# Re-Implementation of "RMB: Comprehensively Benchmarking Reward Models in LLM Alignment"

*RMB* is a comprehensive RM benchmark that covers over 49 real-world scenarios and includes both *pairwise* and *Best-of-N (BoN)* evaluations to better reflect the effectiveness of RMs in *guiding alignment optimization*. 

This directory provides a **clean re-implementation** of the RMB benchmark with the following features:

- 🧱 **Generative Evaluation Pipeline**: Written from scratch for clarity and extensibility.
- 📊 **Scalar RM Evaluation Re-Implementation**: We re-implemented the scalar-model evaluation pipeline via adapting the codebase from [RM-Bench](https://github.com/THU-KEG/RM-Bench) with our customizations.
- 📂 **Per-sample Logging**: We document detailed per-sample output for clear interpretation and better reproducibility.

The original RMB codebase can be found [here](https://github.com/Zhou-Zoey/RMB-Reward-Model-Benchmark).

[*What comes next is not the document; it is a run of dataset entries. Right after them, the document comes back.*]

(* For integers $n\ge2$ let $P_n$ denote the Legendre polynomials and define $$\tilde P_n(z)=\frac1{n+2}\Big(nP_n(z)-\frac2{n-1}P_{n-1}'(z)\Big).$$ Then $\tilde P_n=\partial_z G_n$ where $G_n$ solves $\big((1-z^2)G_{n,z}\big)_{,z}=(z^2-1)P_n'(z)$, and the polynomials $\tilde P_n$ are orthogonal on $[-1,1]$: $$\int_{-1}^1\tilde P_k(z)\tilde P_n(z)\,dz=\frac{2n(n+1)}{(n-1)(n+2)(2n+1)}\,\delta_{kn},\qquad k,n\ge2 .$$ *)

From HB Require Import structures.
From mathcomp Require Import all_boot all_order all_algebra.
Set Implicit Arguments. Unset Strict Implicit. Unset Printing Implicit Defensive.
Import Order.TTheory GRing.Theory Num.Theory.
Local Open Scope ring_scope.

Definition legendre (R : fieldType) (n : nat) : {poly R} :=
  ((2 ^ n * n`!)%N%:R)^-1 *: (('X^2 - 1) ^+ n)^`(n).

Definition legendre_tilde (R : fieldType) (n : nat) : {poly R} :=
  (n.+2%:R)^-1 *: (n%:R *: legendre R n
                   - (2 / (n.-1)%:R) *: (legendre R n.-1)^`()).

(* Formal antiderivative of a polynomial (vanishing at 0):
   sum_j p_j X^(j+1)/(j+1). *)
Definition poly_prim (R : fieldType) (p : {poly R}) : {poly R} :=
  \poly_(i < (size p).+1) (if i is j.+1 then p`_j / j.+1%:R else 0).

Definition poly_integral (R : fieldType) (a b : R) (p : {poly R}) : R :=
  (poly_prim p).[b] - (poly_prim p).[a].

From HB Require Import structures.
From mathcomp Require Import all_boot all_order all_algebra.
From mathcomp Require Import ring lra zify.
Import Order.TTheory GRing.Theory Num.Theory.
Local Open Scope ring_scope.

(* Rodrigues' formula gives the derivative recurrences
   P_(m+1)' - X P_m' = (m+1) P_m  and  X P_(m+1)' - P_m' = (m+1) P_(m+1),
   hence Legendre's equation ((X^2-1) P_n')' = n(n+1) P_n and the values P_n(+-1).
   Since X^2-1 vanishes at +-1, the Legendre operator is symmetric for the
   integral over [-1, 1], which gives orthogonality; the recurrences also give
   the norms 2/(2n+1).  They further yield (n-1)(n+2) P~_n = (X^2-1) P_n'', and
   differentiating Legendre's equation once gives
   ((X^2-1)^2 P_n'')' = (n-1)(n+2) (X^2-1) P_n'.  Hence -P~_n is G' for a
   solution G, unique since ((X^2-1) p)' = 0 forces p = 0, and two integrations
   by parts reduce the integral of P~_k P~_n to a multiple of that of P_k P_n. *)

Section PolyIntegral.
Variable R : numFieldType.
Implicit Types (a b c : R) (p q F : {poly R}).

Lemma deriv_poly_prim p : (poly_prim p)^`() = p.
Proof.
apply/polyP=> i; rewrite coef_deriv coef_poly ltnS.
case: ifP => Hi.
- by rewrite -[_ *+ _]mulr_natr divfK // pnatr_eq0.
- by rewrite mul0rn nth_default // leqNgt Hi.
Qed.

Lemma deriv_eq0 q : q^`() = 0 -> q = (q`_0)%:P.
Proof.
move=> q'0; apply/polyP=> [[|i]]; rewrite coefC //=.
have /eqP := congr1 (fun r : {poly R} => r`_i) q'0.
by rewrite coef_deriv coef0 mulrn_eq0 /= => /eqP.
Qed.

Lemma poly_integralE a b p F : F^`() = p -> poly_integral a b p = F.[b] - F.[a].
Proof.
move=> F'p; rewrite /poly_integral.
have := deriv_eq0 (poly_prim p - F).
rewrite derivB deriv_poly_prim F'p subrr => /(_ erefl) primE.
have -> : poly_prim p = F + ((poly_prim p - F)`_0)%:P by rewrite -primE addrC subrK.
rewrite !hornerE; ring.
Qed.

Lemma poly_integralD a b p q :
  poly_integral a b (p + q) = poly_integral a b p + poly_integral a b q.
Proof.
rewrite (@poly_integralE a b _ (poly_prim p + poly_prim q)).
  by rewrite /poly_integral !hornerD; ring.
by rewrite derivD !deriv_poly_prim.
Qed.

Lemma poly_integralZ a b c p : poly_integral a b (c *: p) = c * poly_integral a b p.
Proof.
rewrite (@poly_integralE a b _ (c *: poly_prim p)).
  by rewrite /poly_integral !hornerZ; ring.
by rewrite derivZ deriv_poly_prim.
Qed.

Lemma poly_integral_natl a b k p :
  poly_integral a b (k%:R * p) = k%:R * poly_integral a b p.
Proof. by rewrite mulr_natl -scaler_nat poly_integralZ. Qed.

Lemma poly_integralB a b p q :
  poly_integral a b (p - q) = poly_integral a b p - poly_integral a b q.
Proof. by rewrite poly_integralD -scaleN1r poly_integralZ mulN1r. Qed.

Lemma poly_integral1 a b : poly_integral a b 1 = b - a.
Proof. by rewrite (@poly_integralE _ _ _ 'X) ?derivX // !hornerX. Qed.

Lemma poly_integral_by_parts a b p q : poly_integral a b (p^`() * q)
  = (p * q).[b] - (p * q).[a] - poly_integral a b (p * q^`()).
Proof.
rewrite (@poly_integralE a b _ (p * q - poly_prim (p * q^`()))).
  by rewrite /poly_integral !hornerE; ring.
by rewrite derivB derivM deriv_poly_prim addrK.
Qed.

End PolyIntegral.

(* A substitute for a [linear_combination] tactic: [x = y] follows once
   [x - y] is exhibited, by [ring], as a combination of the hypotheses. *)
Section LinearCombination.
Context {S : comPzRingType}.

Lemma eq_lincomb1 {x y a1 b1 : S} (k1 : S) :
  a1 = b1 -> x - y = k1 * (a1 - b1) -> x = y.
Proof. by move=> ->; rewrite subrr mulr0 => /eqP; rewrite subr_eq0 => /eqP. Qed.

Lemma eq_lincomb2 {x y a1 b1 a2 b2 : S} (k1 k2 : S) :
  a1 = b1 -> a2 = b2 -> x - y = k1 * (a1 - b1) + k2 * (a2 - b2) -> x = y.
Proof. by move=> -> e2; rewrite subrr mulr0 add0r; apply: (eq_lincomb1 k2). Qed.

Lemma eq_lincomb3 {x y a1 b1 a2 b2 a3 b3 : S} (k1 k2 k3 : S) :
  a1 = b1 -> a2 = b2 -> a3 = b3 ->
  x - y = k1 * (a1 - b1) + k2 * (a2 - b2) + k3 * (a3 - b3) -> x = y.
Proof. by move=> -> e2 e3; rewrite subrr mulr0 add0r; apply: (eq_lincomb2 k2 k3). Qed.

End LinearCombination.

Section LegendreRecurrences.
Variable R : numFieldType.
Implicit Types p f : {poly R}.
Local Notation P := (legendre R).
Local Notation W n := (('X^2 - 1 : {poly R}) ^+ n).

Lemma deriv_natl k p : (k%:R * p)^`() = k%:R * p^`().
Proof. by rewrite !mulr_natl derivMn. Qed.

Lemma deriv_X2subr1 : ('X^2 - 1 : {poly R})^`() = 2%:R * 'X.
Proof. by rewrite derivB derivXn derivC subr0 expr1 mulr_natl. Qed.

Lemma derivnS_mulX k p : ('X * p)^`(k.+1) = 'X * p^`(k.+1) + k.+1%:R * p^`(k).
Proof.
elim: k => [|k IH]; first by rewrite derivn1 derivn0 derivM derivX; ring.
by rewrite derivnS IH derivD derivM deriv_natl derivX -!derivnS; ring.
Qed.

Lemma deriv_rodrigues n : (W n.+1)^`() = (2 * n.+1)%:R * ('X * W n).
Proof. by rewrite deriv_exp deriv_X2subr1 /= natrM; ring. Qed.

## 🛠️ Running Model Evaluations 

To replicate the original setup:

- RMB’s original scalar model script is located at [`eval/scripts/original_RMB_run_rm.sh`](eval/scripts/original_RMB_run_rm.sh).

The script for evaluating generative reward models is provided in [`eval_one_command.sh`](../eval_one_command.sh).

In addition, we provide scripts for running scalar RM evaluations in [`eval/scripts/example_scalar_model_script/skywork_RMB.sh`](eval/scripts/example_scalar_model_script/skywork_RMB.sh). This script follows the same logic as our implemented generative evaluation pipeline for easy integration and experimentation.